[R-sig-Geo] Fitting nested variograms to empirical variograms

Edzer J. Pebesma e.pebesma at geog.uu.nl
Sat Oct 16 11:14:31 CEST 2004



Ole F. Christensen wrote:

>
> I have no experience fitting nested variogram models myself, but my 
> general opinion is that nested variograms aren't really useful, since 
> what matters the most is
> to make a good fit of the empirical variogram near the origin. And if 
> one really wants to make a very careful fit of a variogram-model to 
> the data, then the likelihood function should be used rather than 
> fitting to the empirical variogram.

This reasoning has been put forward in the 1999 book by Michael Stein which
contains besides this one a few very provocative statements, such as 
"forget about
sample variograms, only look at likelyhood profiles". Although I like 
the book,
the problem I have with it is that it contains hardly any analysis of 
real data.
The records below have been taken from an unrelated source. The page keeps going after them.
Lemma eval_m1M {x y z w} : eval_m1 x z -> eval_m1 y w -> eval_m1 (x * y) (z * w).
Proof.
move=> [n [p [-> ->]]] [m [q [-> ->]]]; exists (n + m)%N, (p * q).
by rewrite rmorphM !exprD mulf_div hornerM; split=> //; ring.
Qed.

Lemma eval_m1D {x y z w} : eval_m1 x z -> eval_m1 y w -> eval_m1 (x + y) (z + w).
Proof.
move=> [n [p [-> ->]]] [m [q [-> ->]]].
exists (n + m)%N, (p * 'X^m + q * 'X^n); split.
  rewrite addf_div ?expf_neq0 ?tK_neq0 // exprD.
  by rewrite rmorphD !rmorphM !rmorphXn /= polyKX.
rewrite hornerD !hornerM !hornerXn exprD.
move: p.[-1] q.[-1] => P Q.
by case: (sign_nat_cases n) => ->; case: (sign_nat_cases m) => ->; lia.
Qed.

Lemma eval_m1_int (z : int) : eval_m1 z%:~R z.
Proof.
by exists 0%N, z%:P; rewrite polyKC !expr0 divr1 hornerC mul1r.
Qed.

Lemma eval_m1_0 : eval_m1 0 0.
Proof. exact: eval_m1_int 0. Qed.

Lemma eval_m1_1 : eval_m1 1 1.
Proof. exact: eval_m1_int 1. Qed.

Lemma eval_m1N {x z} : eval_m1 x z -> eval_m1 (- x) (- z).
Proof. by move/(eval_m1M (eval_m1_int (-1))); rewrite !mulN1r. Qed.

Lemma eval_m1_tK : eval_m1 tK (-1).
Proof. by exists 0%N, 'X; rewrite !expr0 divr1 polyKX hornerX mul1r. Qed.

Lemma eval_m1_tKV : eval_m1 tK^-1 (-1).
Proof. by exists 1%N, 1; rewrite rmorph1 mul1r !expr1 hornerC mulr1. Qed.

Lemma eval_m1_sum (I : Type) (r : seq I) (P : pred I) F G :
  (forall i, P i -> eval_m1 (F i) (G i)) ->
  eval_m1 (\sum_(i <- r | P i) F i) (\sum_(i <- r | P i) G i).
Proof. by move=> FG; apply: (big_ind2 eval_m1) => // *; [apply: eval_m1_0 | apply: eval_m1D]. Qed.

Lemma eval_m1_prod (I : Type) (r : seq I) (P : pred I) F G :
  (forall i, P i -> eval_m1 (F i) (G i)) ->
  eval_m1 (\prod_(i <- r | P i) F i) (\prod_(i <- r | P i) G i).
Proof. by move=> FG; apply: (big_ind2 eval_m1) => // *; [apply: eval_m1_1 | apply: eval_m1M]. Qed.

Lemma eval_m1X {x z} n : eval_m1 x z -> eval_m1 (x ^+ n) (z ^+ n).
Proof.
by move=> xz; elim: n => [|n IHn]; rewrite ?expr0 ?exprS; [apply: eval_m1_1 | apply: eval_m1M].
Qed.

(* t and t^-1 both evaluate to -1, so the involution does not change the value at -1. *)
Lemma eval_m1_bar {x z} : eval_m1 x z -> eval_m1 (barK x) z.
Proof.
move=> [n [p [-> ->]]].
rewrite fmorph_div /= rmorphXn /= barK_tK exprVn invrK mulrC polyK_coef.
apply: eval_m1M; first exact: eval_m1X eval_m1_tK.
rewrite rmorph_sum horner_coef; apply: eval_m1_sum => i _.
rewrite rmorphM /= rmorph_int rmorphXn /= barK_tK.
by apply: eval_m1M; [apply: eval_m1_int | exact: eval_m1X eval_m1_tKV].
Qed.
(* Let $G$ be the complete graph on $\{0,\dots,n\}$ oriented by $i\to j$ iff $i<j$. For every spanning tree $T\in\mathbb{B}(G)$, $$p_{G\setminus T}=\sum_{s\in S_n}(-1)^{\operatorname{mm}(G\setminus T,\,s)}\,C(T,T_s)\,\mathbf{P}_s .$$
   Context: Polynomials are in variables $t=(t(1),\dots,t(n))$ with $t(0):=0$. To the edge of $G$ between $i<j$ associate $p_x(t)=t(j)-t(i)$; for a set $Y$ of edges oriented as in $G$, $p_Y:=\prod_{x\in Y}p_x$. $\mathbb{B}(G)$ is the set of spanning trees of $G$; $G\setminus T$ is the set of edges not in $T$. $S_n$ is the set of permutations of $\{1,\dots,n\}$, extended by $s(0):=0$. For $s\in S_n$, $G^s$ orients the edge $\{s(i),s(j)\}$, $i<j$, as $s(i)\to s(j)$. The path tree $T_s$ is the spanning tree with edges $\{s(k-1),s(k)\}$, $k=1,\dots,n$. $\mathbf{P}_s:=\prod(t(s(j))-t(s(i)))$ over all $0\le i<j\le n$ with $j\ne i+1$. For a set $Y$ of edges and $s\in S_n$, $\operatorname{mm}(Y,s)$ is the number of edges of $Y$ whose orientation in $G$ differs from their orientation in $G^s$ (i.e. edges $\{a,b\}$, $a<b$, with $s^{-1}(a)>s^{-1}(b)$). For $T\in\mathbb{B}(G)$: $i\prec_T j$ iff $i\neq j$ and the path in $T$ from $0$ to $j$ contains $i$; $T,T'$ are compatible if some total order on $\{0,\dots,n\}$ extends both $\prec_T$ and $\prec_{T'}$; $C(T,T')=1$ if compatible, $0$ otherwise. *)

From HB Require Import structures.
From mathcomp Require Import all_boot all_order all_algebra fingroup perm.
From Stdlib Require Import ClassicalEpsilon.
Set Implicit Arguments. Unset Strict Implicit. Unset Printing Implicit Defensive.
Import GRing.Theory.
Local Open Scope ring_scope.

(* Vertices of G are 'I_n.+1 = {0,...,n}.  An edge {i,j}, i<j, of the complete
   graph G is stored as the oriented pair (i,j) with i < j (orientation of G). *)
Definition vtx (n : nat) := 'I_n.+1.
Definition edge (n : nat) := ('I_n.+1 * 'I_n.+1)%type.

Definition is_Gedge n (e : edge n) : bool := (e.1 < e.2)%N.

Definition edge_of n (a b : 'I_n.+1) : edge n := if (a < b)%N then (a, b) else (b, a).

Definition adj n (T : {set edge n}) : rel 'I_n.+1 :=
  fun x y => ((x, y) \in T) || ((y, x) \in T).

Definition is_spanning_tree n (T : {set edge n}) : Prop :=
  (forall e, e \in T -> is_Gedge e) /\
  (forall x y : 'I_n.+1, connect (adj T) x y) /\
  (forall c : seq 'I_n.+1, uniq c -> (3 <= size c)%N -> ~~ path.cycle (adj T) c).

Definition Gminus n (T : {set edge n}) : {set edge n} :=
  [set e | is_Gedge e & e \notin T].

(* t(0) := 0, t(k+1) := t k *)
Definition text (R : comRingType) n (t : 'I_n -> R) (i : 'I_n.+1) : R :=
  match unlift ord0 i with Some k => t k | None => 0 end.

Definition pY (R : comRingType) n (t : 'I_n -> R) (Y : {set edge n}) : R :=
  \prod_(e in Y) (text t e.2 - text t e.1).

(* S_n is represented by the permutations s of {0..n} with s 0 = 0. *)
Definition is_Sn n (s : {perm 'I_n.+1}) : bool := s ord0 == ord0.

Definition Tpath n (s : {perm 'I_n.+1}) : {set edge n} :=
  [set edge_of (s (widen_ord (leqnSn n) k)) (s (lift ord0 k)) | k : 'I_n].

Definition Ps (R : comRingType) n (t : 'I_n -> R) (s : {perm 'I_n.+1}) : R :=
  \prod_(i : 'I_n.+1) \prod_(j : 'I_n.+1 | (i < j)%N && (j != i.+1 :> nat))
     (text t (s j) - text t (s i)).

Definition mm n (Y : {set edge n}) (s : {perm 'I_n.+1}) : nat :=
  #|[set e in Y | ((s^-1)%g e.2 < (s^-1)%g e.1)%N]|.

Definition precT n (T : {set edge n}) (i j : 'I_n.+1) : Prop :=
  i != j /\ exists p : seq 'I_n.+1,
    [/\ path (adj T) ord0 p, last ord0 p = j, uniq (ord0 :: p) & i \in ord0 :: p].

(* compatibility: some total order on {0..n} (given by an injective ranking
   into nat) extends both <_T and <_T' *)
Definition compatible n (T T' : {set edge n}) : Prop :=
  exists r : 'I_n.+1 -> nat, injective r /\
    forall i j, (precT T i j \/ precT T' i j) -> (r i < r j)%N.

Definition Ccoef (R : comRingType) n (T T' : {set edge n}) : R :=
  if excluded_middle_informative (compatible T T') then 1 else 0.

From HB Require Import structures.
From mathcomp Require Import all_boot all_order all_algebra fingroup perm.
From mathcomp Require Import ring zify.
From Stdlib Require Import ClassicalEpsilon.
Import GRing.Theory.
Set Implicit Arguments. Unset Strict Implicit. Unset Printing Implicit Defensive.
The
argument therefore is based on theory; mathematicians do that, and they 
may prove
right.

However, nested variograms have been very useful in the past, especially for
describing spatial variability in larger data sets. There are 
theoretical arguments
for using them, think e.g. of the nugget effect: it consists of 
measurement error
(a "true" nugget effect) and spatially correlated microvariation: a 
nested variogram
model with a range so small that it's usually not detected by the data; see
Cressie (1993) for more on this. Given it's not in the data, ML or REML 
will never pick
it up, it's only something you can (and should) impose when you know for
instance the true measurement error from other sources than the observed 
data.

I would like to see papers where both approaches (ML without nested vs.
nested models, traditionally fit) were compared with large data sets; I find
it hard to embrace theoretical ideas without having them seen work in 
practice.

Geostatistics is about modelling what's out there.